I’ve been fortunate to learn from some of the best. I’m permanently indebted to Mike Boyle (who has been training athletes for longer than I’ve been alive) and Eric Cressey for all the guidance they’ve provided me over the last few years, and am incredibly thankful to have other mentors like Chris Boyko, Brijesh Patel, Sean Skahan, Mike Potenza, and most recently Charlie Weingroff to help guide me along the way. Nothing I’ve done in the past or plan to do in the future would be possible without those guys. The collective wisdom of this group is astronomical.

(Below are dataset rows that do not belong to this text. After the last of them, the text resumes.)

(* [q ^+ (i != j).+1] is E[c_i c_j] for independent q-coins: q if i = j, q^2 otherwise. *)
Lemma sum_coin_pair_moment {I : finType} (Q : pred I) (f : I -> R) (q : R) :
  \sum_(i | Q i) \sum_(j | Q j) f i * f j * q ^+ (i != j).+1 =
  q ^+ 2 * (\sum_(i | Q i) f i) ^+ 2 + (q - q ^+ 2) * \sum_(i | Q i) f i ^+ 2.
Proof.
rewrite [X in q ^+ 2 * X]expr2 big_distrl !mulr_sumr -big_split /=; apply: eq_bigr => i Qi.
rewrite (bigD1 i Qi) [in RHS](bigD1 i Qi) /= eqxx.
have -> : \sum_(j | Q j && (j != i)) f i * f j * q ^+ (i != j).+1 =
          q ^+ 2 * (f i * \sum_(j | Q j && (j != i)) f j).
  by rewrite !mulr_sumr; apply: eq_bigr => j /andP[_ ji]; rewrite eq_sym ji; ring.
ring.
Qed.

Lemma sum_pair_mul {I1 I2 : finType} (Q1 : pred I1) (Q2 : pred I2)
    (F : I1 -> I1 -> R) (G : I2 -> I2 -> R) :
  \sum_(i | Q1 i.1 && Q2 i.2) \sum_(j | Q1 j.1 && Q2 j.2) F i.1 j.1 * G i.2 j.2 =
  (\sum_(x | Q1 x) \sum_(y | Q1 y) F x y) * \sum_(x | Q2 x) \sum_(y | Q2 y) G x y.
Proof.
rewrite [RHS]big_distrlr [RHS]pair_big /=; apply: eq_bigr => i _.
by rewrite big_distrlr pair_big.
Qed.
Lemma mdegree_le y : y \in P -> mdegree y <= c - 1 + outer_degree y.
Proof.
move=> yP; set inner := [set F in FF | (y \in F) && (F \subset P)].
have inner_add_mdegree : #|inner| + mdegree y = 2 ^ d.-1.
  have <- : #|[set S in powerset P | [set y] \subset S]| = 2 ^ d.-1.
    by rewrite card_interval ?sub1set // -card_P (cardsD1 y P) yP.
  rewrite /mdegree -(cardsID FF [set S in powerset P | _]).
  congr (_ + _); apply: eq_card => F; rewrite !inE sub1set;
    by case: (F \in FF); case: (y \in F); case: (F \subset P).
have inner_add_outer : #|inner| + outer_degree y = degree FF y.
  rewrite /degree /outer_degree.
  rewrite -(cardsID [set F : {set 'I_n} | F \subset P] [set F in FF | y \in F]).
  congr (_ + _); apply: eq_card => F; rewrite !inE;
    by case: (F \in FF); case: (y \in F); case: (F \subset P).
have := degree_ge y; lia.
Qed.

Lemma nbhd_bad y : y \in pile_bad -> nbhd FF y = P.
Proof.
rewrite inE /good -ltnNge ltnS => /andP [yP card_le].
by apply/esym/eqP; rewrite eqEcard P_sub_nbhd // card_P.
Qed.

Lemma outer_degree_bad y : y \in pile_bad -> outer_degree y = 0.
Proof.
move=> yB; apply/eqP; rewrite cards_eq0; apply/eqP/setP => F; rewrite !inE.
apply/negP => /and3P [FFF yF]; rewrite -(nbhd_bad yB); apply/negP/negPn.
by apply: (bigcup_sup F); rewrite FFF yF.
Qed.

Lemma mdegree_bad y : y \in pile_bad -> mdegree y <= c - 1.
Proof.
move=> yB; have := mdegree_le (y := y); rewrite outer_degree_bad // addn0.
by apply; move: yB; rewrite inE => /andP [].
Qed.

Lemma setD1_in_pileM b : b \in pile_bad -> c <= #|M| -> P :\ b \in M.
Proof.
move=> bB c_le.
have : 0 < #|[set S in M | b \notin S]|.
  by have := mdegree_add_avoid b; have := mdegree_bad bB; lia.
case/card_gt0P => S /setIdP [SM bS].
apply: (pileM_up SM _ (subD1set P b)); apply/subsetP => x xS.
by rewrite !inE (subsetP (pileM_sub SM)) // andbT; apply: contraNneq bS => <-.
Qed.
Theorem corollary6p3 (TL TG : finType) (eL : rel TL) (eG : rel TG)
  (hL : simple_graph eL) (hG : simple_graph eG)
  (g : TL -> TG)
  (g_mor : graph_morphism (compl_graph eL) (compl_graph eG) g)
  (g_surj : forall y : TG, exists x : TL, g x = y)
  (g_loc : locally_surjective (compl_graph eL) (compl_graph eG) g) :
  exists phi : TG -> seq TL, racg_qi_embedding eG eL phi.
Proof.
have [eL_sym eL_irr] := hL; have [_ eG_irr] := hG.
have len_bounds := racg_len_hom_word_fibre eL_sym eL_irr eG_irr g_mor g_surj g_loc.
exists (fibre g); split; first exact: fibre_racg_hom.
split=> [w /racg_len_eq0 len0|].
  apply/racg_len_eq0; by have /andP [+ _] := len_bounds w; rewrite len0 leqn0 => /eqP.
exists #|TL|.+1, 0; split=> // w1 w2.
rewrite (racg_dist_hom_word_fibre eL_sym eL_irr g_mor) /racg_dist !addn0 mulSn.
have /andP [lb ub] := len_bounds (rev w1 ++ w2).
by split; [apply: leq_trans lb (leq_addr _ _) | apply: leq_trans ub (leq_addl _ _)].
Qed.
(* Let $\{\mathcal{G}_k\}_{k\ge0}$ be any sequence of digraphs on $\mathcal{V}=\{1,\dots,n\}$, $n\ge3$. Consider any algorithm in $\mathcal{A}_{\rm ave}$ whose parameters satisfy $\sum_{k=0}^\infty(1-\eta_k)<\infty$. Then for every initial time $k_0\ge0$ and every initial value $x^0\in\mathbb{R}^n$ not on the consensus manifold $\mathrm{C}=\{x: x_1=\dots=x_n\}$, asymptotic consensus is not achieved; in fact $\liminf_{K\to\infty}\big(\max_i x_i(K)-\min_i x_i(K)\big)>0$.
   Context: Network of nodes $\mathcal{V}=\{1,\dots,n\}$, discrete time, states $x_i(k)\in\mathbb{R}$. At each time $k$ a digraph $\mathcal{G}_k=(\mathcal{V},\mathcal{E}_k)$ is given; $j$ is a neighbor of $i$ at time $k$ if $(j,i)\in\mathcal{E}_k$, every node is always its own neighbor; $\mathcal{N}_i(k)$ is the neighbor set. The algorithm is $$x_i(k+1)=\eta_k x_i(k)+\alpha_k\min_{j\in\mathcal{N}_i(k)}x_j(k)+(1-\eta_k-\alpha_k)\max_{j\in\mathcal{N}_i(k)}x_j(k),$$ with given node-independent parameter sequences. The class $\mathcal{A}_{\rm ave}$ consists of those algorithms with $\eta_k\in(0,1]$, $\alpha_k\in[0,1-\eta_k]$ for all $k$. The iteration starts at time $k_0$ with $x(k_0)=x^0$. Asymptotic consensus for $x^0$ means there is $z_*\in\mathbb{R}$ with $\lim_{k\to\infty}x_i(k)=z_*$ for all $i$. *)

(* real numbers. Nodes are 0..n-1 (paper: 1..n). *)
From Stdlib Require Import Reals Lra Lia List.
Import ListNotations.
Open Scope R_scope.

(* A time-varying digraph: E k j i = true iff (j,i) is an edge of G_k,
   i.e. j is a neighbor of i at time k. *)
Definition graph_seq := nat -> nat -> nat -> bool.

Definition nbrs (n : nat) (E : graph_seq) (k i : nat) : list nat :=
  filter (fun j => E k j i) (seq 0 n).

(* Since i is always
   its own neighbor (standing assumption, hypothesis in the theorem), starting
   the fold at x i gives exactly the min/max over N_i(k). *)
Definition nbr_min (n : nat) (E : graph_seq) (k i : nat) (x : nat -> R) : R :=
  fold_right Rmin (x i) (map x (nbrs n E k i)).
Definition nbr_max (n : nat) (E : graph_seq) (k i : nat) (x : nat -> R) : R :=
  fold_right Rmax (x i) (map x (nbrs n E k i)).

Definition step (n : nat) (E : graph_seq) (eta alpha : nat -> R) (k : nat)
  (x : nat -> R) : nat -> R :=
  fun i => eta k * x i + alpha k * nbr_min n E k i x
           + (1 - eta k - alpha k) * nbr_max n E k i x.

Fixpoint traj (n : nat) (E : graph_seq) (eta alpha : nat -> R) (k0 : nat)
  (x0 : nat -> R) (m : nat) : nat -> R :=
  match m with
  | O => x0
  | S m' => step n E eta alpha (k0 + m') (traj n E eta alpha k0 x0 m')
  end.

Definition state (n : nat) (E : graph_seq) (eta alpha : nat -> R) (k0 : nat)
  (x0 : nat -> R) (K : nat) : nat -> R :=
  traj n E eta alpha k0 x0 (K - k0)%nat.

Definition spread (n : nat) (x : nat -> R) : R :=
  fold_right Rmax (x 0%nat) (map x (seq 0 n))
  - fold_right Rmin (x 0%nat) (map x (seq 0 n)).

(* Write M(x) and m(x) for the largest and smallest entry of x, so that
   spread x = M(x) - m(x).  The argument has three parts.
   1. One step contracts the spread by at most the factor eta_k:
      the node attaining M(x) moves to at least eta M + alpha m + (1-eta-alpha) M,
      the node attaining m(x) to at most eta m + alpha m + (1-eta-alpha) M,
      hence spread x(k+1) >= eta_k * spread x(k)   ([step_spread_ge]).
   2. A nonnegative sequence with g(m+1) >= (1 - c_m) g(m), 0 <= c_m <= 1,
      satisfies g(m+d) >= g(m) (1 - c_m - ... - c_(m+d-1))
      ([product_lower_bound], a Weierstrass product inequality).
   3. Summability of c_k = 1 - eta_k makes all tails of the series at most
      1/2 from some index on ([summable_small_tail]).
   Since the spread is positive initially and every step keeps it positive,
   parts 1-3 give spread x(K) >= spread x(K1) / 2 > 0 for all K >= K1
   ([spread_eventually_bounded_below]).  Consensus is then impossible, since
   coordinates converging to a common limit force the spread to 0. *)

From Stdlib Require Import Reals Lra Lia List.
Open Scope R_scope.

Lemma fold_max_ge_init a l : a <= fold_right Rmax a l.
Proof.
  induction l as [|v l IH]; simpl; [lra|].
  eapply Rle_trans; [exact IH | apply Rmax_r].
Qed.

Lemma fold_max_ge_mem a l v : In v l -> v <= fold_right Rmax a l.
Proof.
  induction l as [|w l IH]; simpl; [tauto|].
  intros [<- | Hv]; [apply Rmax_l|].
  eapply Rle_trans; [exact (IH Hv) | apply Rmax_r].
Qed.

Lemma fold_max_le a l B :
  a <= B -> (forall v, In v l -> v <= B) -> fold_right Rmax a l <= B.
Proof.
  intros Ha Hl; induction l as [|v l IH]; simpl; [exact Ha|].
  apply Rmax_lub; [apply Hl; simpl; auto|].
  apply IH; intros; apply Hl; simpl; auto.
Qed.

Lemma fold_max_attained a l : fold_right Rmax a l = a \/ In (fold_right Rmax a l) l.
Proof.
  induction l as [|v l IH]; simpl; [auto|].
  destruct (Rle_dec v (fold_right Rmax a l)).
  - rewrite Rmax_right by assumption. destruct IH; auto.
  - rewrite Rmax_left by lra. auto.
Qed.

Lemma fold_min_le_init a l : fold_right Rmin a l <= a.
Proof.
  induction l as [|v l IH]; simpl; [lra|].
  eapply Rle_trans; [apply Rmin_r | exact IH].
Qed.

Lemma fold_min_le_mem a l v : In v l -> fold_right Rmin a l <= v.
Proof.
  induction l as [|w l IH]; simpl; [tauto|].
  intros [<- | Hv]; [apply Rmin_l|].
  eapply Rle_trans; [apply Rmin_r | exact (IH Hv)].
Qed.

Lemma fold_min_ge a l B :
  B <= a -> (forall v, In v l -> B <= v) -> B <= fold_right Rmin a l.
Proof.
  intros Ha Hl; induction l as [|v l IH]; simpl; [exact Ha|].
  apply Rmin_glb; [apply Hl; simpl; auto|].
  apply IH; intros; apply Hl; simpl; auto.
Qed.

Lemma fold_min_attained a l : fold_right Rmin a l = a \/ In (fold_right Rmin a l) l.
Proof.
  induction l as [|v l IH]; simpl; [auto|].
  destruct (Rle_dec v (fold_right Rmin a l)).
  - rewrite Rmin_left by assumption. auto.
  - rewrite Rmin_right by lra. destruct IH; auto.
Qed.

Definition state_max (n : nat) (x : nat -> R) : R :=
  fold_right Rmax (x 0%nat) (map x (seq 0 n)).
Definition state_min (n : nat) (x : nat -> R) : R :=
  fold_right Rmin (x 0%nat) (map x (seq 0 n)).

Lemma spread_max_min n x : spread n x = state_max n x - state_min n x.
Proof. reflexivity. Qed.

Lemma state_max_ge n x i : (i < n)%nat -> x i <= state_max n x.
Proof. intro Hi; apply fold_max_ge_mem, in_map, in_seq; lia. Qed.

Lemma state_min_le n x i : (i < n)%nat -> state_min n x <= x i.
Proof. intro Hi; apply fold_min_le_mem, in_map, in_seq; lia. Qed.

Lemma state_max_attained n x :
  (1 <= n)%nat -> exists i, (i < n)%nat /\ x i = state_max n x.
Proof.
  intro Hn. destruct (fold_max_attained (x 0%nat) (map x (seq 0 n))) as [H | H].
  - exists 0%nat; split; [lia | symmetry; exact H].
  - apply in_map_iff in H as [j [Hj Hin]]. apply in_seq in Hin.
    exists j; split; [lia | exact Hj].
Qed.

Lemma state_min_attained n x :
  (1 <= n)%nat -> exists i, (i < n)%nat /\ x i = state_min n x.
Proof.
  intro Hn. destruct (fold_min_attained (x 0%nat) (map x (seq 0 n))) as [H | H].
  - exists 0%nat; split; [lia | symmetry; exact H].
  - apply in_map_iff in H as [j [Hj Hin]]. apply in_seq in Hin.
    exists j; split; [lia | exact Hj].
Qed.

Lemma spread_pos_of_nonconstant n x :
  (exists i j, (i < n)%nat /\ (j < n)%nat /\ x i <> x j) -> 0 < spread n x.
Proof.
  intros [i [j [Hi [Hj Hne]]]]. rewrite spread_max_min.
  pose proof (state_max_ge n x i Hi); pose proof (state_min_le n x i Hi).
  pose proof (state_max_ge n x j Hj); pose proof (state_min_le n x j Hj).
  destruct (Rlt_or_le (x i) (x j)); lra.
Qed.

Lemma spread_lt_of_close n x z e :
  (1 <= n)%nat -> (forall i, (i < n)%nat -> Rabs (x i - z) < e) -> spread n x < 2 * e.
Proof.
  intros Hn Hclose. rewrite spread_max_min.
  destruct (state_max_attained n x Hn) as [a [Ha <-]].
  destruct (state_min_attained n x Hn) as [b [Hb <-]].
  pose proof (Hclose a Ha) as Hca; pose proof (Hclose b Hb) as Hcb.
  apply Rabs_def2 in Hca, Hcb. lra.
Qed.

Lemma nbrs_lt n E k i j : In j (nbrs n E k i) -> (j < n)%nat.
Proof. unfold nbrs; intros H. apply filter_In in H as [H _]. apply in_seq in H; lia. Qed.

Lemma nbr_max_le_state_max n E k i x :
  (i < n)%nat -> nbr_max n E k i x <= state_max n x.
Proof.
  intro Hi. apply fold_max_le; [apply state_max_ge; exact Hi|].
  intros v Hv. apply in_map_iff in Hv as [j [<- Hj]].
  apply state_max_ge. eapply nbrs_lt; eauto.
Qed.

Lemma state_min_le_nbr_min n E k i x :
  (i < n)%nat -> state_min n x <= nbr_min n E k i x.
Proof.
  intro Hi. apply fold_min_ge; [apply state_min_le; exact Hi|].
  intros v Hv. apply in_map_iff in Hv as [j [<- Hj]].
  apply state_min_le. eapply nbrs_lt; eauto.
Qed.

Section OneStep.
Variables (n : nat) (E : graph_seq) (eta alpha : nat -> R) (k : nat) (x : nat -> R).
Hypothesis Halpha : 0 <= alpha k <= 1 - eta k.

Lemma step_at_argmax i :
  (i < n)%nat -> x i = state_max n x ->
  eta k * state_max n x + alpha k * state_min n x
    + (1 - eta k - alpha k) * state_max n x <= step n E eta alpha k x i.
Proof.
  intros Hi Hmax. unfold step. rewrite <- Hmax.
  pose proof (fold_max_ge_init (x i) (map x (nbrs n E k i))) as Hself.
  pose proof (state_min_le_nbr_min n E k i x Hi) as Hmin.
  fold (nbr_max n E k i x) in Hself.
  assert (alpha k * state_min n x <= alpha k * nbr_min n E k i x)
    by (apply Rmult_le_compat_l; lra).
  assert ((1 - eta k - alpha k) * x i <= (1 - eta k - alpha k) * nbr_max n E k i x)
    by (apply Rmult_le_compat_l; lra).
  lra.
Qed.

Lemma step_at_argmin i :
  (i < n)%nat -> x i = state_min n x ->
  step n E eta alpha k x i <= eta k * state_min n x + alpha k * state_min n x
    + (1 - eta k - alpha k) * state_max n x.
Proof.
  intros Hi Hmin. unfold step. rewrite <- Hmin.
  pose proof (fold_min_le_init (x i) (map x (nbrs n E k i))) as Hself.
  pose proof (nbr_max_le_state_max n E k i x Hi) as Hmax.
  fold (nbr_min n E k i x) in Hself.
  assert (alpha k * nbr_min n E k i x <= alpha k * x i)
    by (apply Rmult_le_compat_l; lra).
  assert ((1 - eta k - alpha k) * nbr_max n E k i x <= (1 - eta k - alpha k) * state_max n x)
    by (apply Rmult_le_compat_l; lra).
  lra.
Qed.

Lemma step_spread_ge :
  (1 <= n)%nat -> eta k * spread n x <= spread n (step n E eta alpha k x).
Proof.
  intro Hn. rewrite !spread_max_min.
  destruct (state_max_attained n x Hn) as [a [Ha HA]].
  destruct (state_min_attained n x Hn) as [b [Hb HB]].
  pose proof (step_at_argmax a Ha HA). pose proof (step_at_argmin b Hb HB).
  pose proof (state_max_ge n (step n E eta alpha k x) a Ha).
  pose proof (state_min_le n (step n E eta alpha k x) b Hb).
  lra.
Qed.

End OneStep.

Lemma product_lower_bound (g c : nat -> R) (p : nat) :
  (forall j, 0 <= c j <= 1) -> (forall m, 0 <= g m) ->
  (forall m, (1 - c (p + m)%nat) * g m <= g (S m)) ->
  forall m d, g (S m) * (1 - (sum_f_R0 c (p + m + d) - sum_f_R0 c (p + m)))
              <= g (S m + d)%nat.
Proof.
  intros Hc Hg Hstep m d. induction d as [|d IH].
  - rewrite Nat.add_0_r, Nat.add_0_r. lra.
  - assert (Htail : 0 <= sum_f_R0 c (p + m + d) - sum_f_R0 c (p + m)).
    { clear IH. induction d as [|d IHd]; [rewrite Nat.add_0_r; lra|].
      replace (p + m + S d)%nat with (S (p + m + d)) by lia. simpl.
      pose proof (Hc (S (p + m + d))). lra. }
    replace (p + m + S d)%nat with (S (p + m + d)) by lia.
    replace (S m + S d)%nat with (S (S m + d)) by lia. simpl sum_f_R0.
    pose proof (Hstep (S m + d)%nat) as Hs.
    replace (p + (S m + d))%nat with (S (p + m + d)) in Hs by lia.
    set (cj := c (S (p + m + d))) in *.
    set (T := sum_f_R0 c (p + m + d) - sum_f_R0 c (p + m)) in *.
    assert (Hcj : 0 <= cj <= 1) by apply Hc.
    assert (Hprop : (1 - cj) * (g (S m) * (1 - T)) <= (1 - cj) * g (S m + d)%nat)
      by (apply Rmult_le_compat_l; lra).
    assert (0 <= g (S m) * T * cj) by (pose proof (Hg (S m)); repeat apply Rmult_le_pos; lra).
    replace (sum_f_R0 c (p + m + d) + cj - sum_f_R0 c (p + m)) with (T + cj)
      by (unfold T; ring).
    nra.
Qed.

Lemma summable_small_tail (c : nat -> R) :
  (exists l, Un_cv (fun N => sum_f_R0 c N) l) ->
  exists N, forall a, (N <= a)%nat -> forall d,
    sum_f_R0 c (a + d) - sum_f_R0 c a <= 1 / 2.
Proof.
  intros [l Hl]. destruct (Hl (1 / 4) ltac:(lra)) as [N HN].
  exists N. intros a Ha d.
  pose proof (HN (a + d)%nat ltac:(lia)) as H1. pose proof (HN a Ha) as H2.
  unfold R_dist in H1, H2. apply Rabs_def2 in H1, H2. lra.
Qed.

Lemma spread_eventually_bounded_below n E (eta alpha : nat -> R) k0 x0 :
  (1 <= n)%nat ->
  (forall k, 0 < eta k <= 1) -> (forall k, 0 <= alpha k <= 1 - eta k) ->
  (exists l, Un_cv (fun N => sum_f_R0 (fun k => 1 - eta k) N) l) ->
  (exists i j, (i < n)%nat /\ (j < n)%nat /\ x0 i <> x0 j) ->
  exists eps, eps > 0 /\ exists K1, forall K, (K1 <= K)%nat ->
    spread n (state n E eta alpha k0 x0 K) >= eps.
Proof.
  intros Hn Heta Halpha Hsum Hx0.
  set (g m := spread n (traj n E eta alpha k0 x0 m)).
  set (c k := 1 - eta k).
  assert (Hc : forall k, 0 <= c k <= 1) by (intro k; unfold c; pose proof (Heta k); lra).
  assert (Hstep : forall m, (1 - c (k0 + m)%nat) * g m <= g (S m)).
  { intro m. unfold c, g; simpl. replace (1 - (1 - eta (k0 + m)%nat)) with (eta (k0 + m)%nat)
      by ring. exact (step_spread_ge n E eta alpha _ _ (Halpha _) Hn). }
  assert (Hpos : forall m, 0 < g m).
  { induction m as [|m IH]; [apply spread_pos_of_nonconstant; exact Hx0|].
    pose proof (Hstep m). pose proof (Heta (k0 + m)%nat). unfold c in *. nra. }
  destruct (summable_small_tail c Hsum) as [N HN].
  exists (g (S N) / 2). split; [pose proof (Hpos (S N)); lra|].
  exists (k0 + S N)%nat. intros K HK. unfold state.
  replace (K - k0)%nat with (S N + (K - k0 - S N))%nat by lia. fold (g (S N + (K - k0 - S N))%nat).
  pose proof (product_lower_bound g c k0 Hc (fun m => Rlt_le _ _ (Hpos m)) Hstep N
                (K - k0 - S N)) as Hprod.
  pose proof (HN (k0 + N)%nat ltac:(lia) (K - k0 - S N)%nat) as Htail.
  pose proof (Hpos (S N)). nra.
Qed.

Lemma finite_uniform_convergence (u : nat -> nat -> R) z eps m :
  eps > 0 -> (forall i, (i < m)%nat -> Un_cv (fun K => u K i) z) ->
  exists N, forall K, (N <= K)%nat -> forall i, (i < m)%nat -> Rabs (u K i - z) < eps.
Proof.
  intros He. induction m as [|m IH]; intro Hcv.
  - exists 0%nat; intros; lia.
  - destruct IH as [N1 HN1]; [intros; apply Hcv; lia|].
    destruct (Hcv m ltac:(lia) eps He) as [N2 HN2].
    exists (Nat.max N1 N2). intros K HK i Hi.
    destruct (Nat.eq_dec i m) as [-> | Hne]; [apply HN2; lia | apply HN1; lia].
Qed.

Theorem theorem2 (n : nat) (E : graph_seq) (eta alpha : nat -> R)
  (Hn : (3 <= n)%nat)
  (Hself : forall k i, (i < n)%nat -> E k i i = true)
  (Heta : forall k, 0 < eta k <= 1)
  (Halpha : forall k, 0 <= alpha k <= 1 - eta k)
  (Hsum : exists l, Un_cv (fun N => sum_f_R0 (fun k => 1 - eta k) N) l)
  (k0 : nat) (x0 : nat -> R)
  (Hx0 : exists i j, (i < n)%nat /\ (j < n)%nat /\ x0 i <> x0 j) :
  ~ (exists z, forall i, (i < n)%nat ->
        Un_cv (fun K => state n E eta alpha k0 x0 K i) z)
  /\ (exists eps, eps > 0 /\ exists K1, forall K, (K1 <= K)%nat ->
        spread n (state n E eta alpha k0 x0 K) >= eps).
Proof.
  pose proof (spread_eventually_bounded_below n E eta alpha k0 x0 ltac:(lia)
                Heta Halpha Hsum Hx0) as Hbelow.
  split; [|exact Hbelow].
  intros [z Hz]. destruct Hbelow as [eps [Heps [K1 HK1]]].
  destruct (finite_uniform_convergence (fun K i => state n E eta alpha k0 x0 K i)
              z (eps / 2) n ltac:(lra) Hz) as [N HN].
  set (K := Nat.max N K1).
  pose proof (HK1 K ltac:(lia)).
  pose proof (spread_lt_of_close n (state n E eta alpha k0 x0 K) z (eps / 2)
                ltac:(lia) (HN K ltac:(lia))).
  lra.
Qed.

One slice a day keeps the ego away

Regardless of what you do, it’s likely you’ll have more people telling you why you can’t or shouldn’t than telling you why you can or should. Surrounding yourself with like-minded people is key for your development, and for your sanity. Doing things on your own is tough. When I first started at Endeavor, the rest of the training staff was pretty much gutted, leaving me on my own. As I’ve slowly rebuilt a staff I can trust, I continue to get the same feedback from them, that they love being here because everyone is so passionate about the field. In truth, I’m lucky to have them around. Being surrounded by passionate people helps keep you motivated; it also broadens the range of information you’re exposed to as everyone has different backgrounds and seeks out different information.

I’ve learned a lot in my first few years in the field, but more than anything I’ve learned that I’ll never stop learning; that’s what makes this so much fun. Mike Boyle once said “I’m not young enough to know everything.” I think there’s a profound wisdom in those words.

The modern strength coach, amongst other things, is ever growing.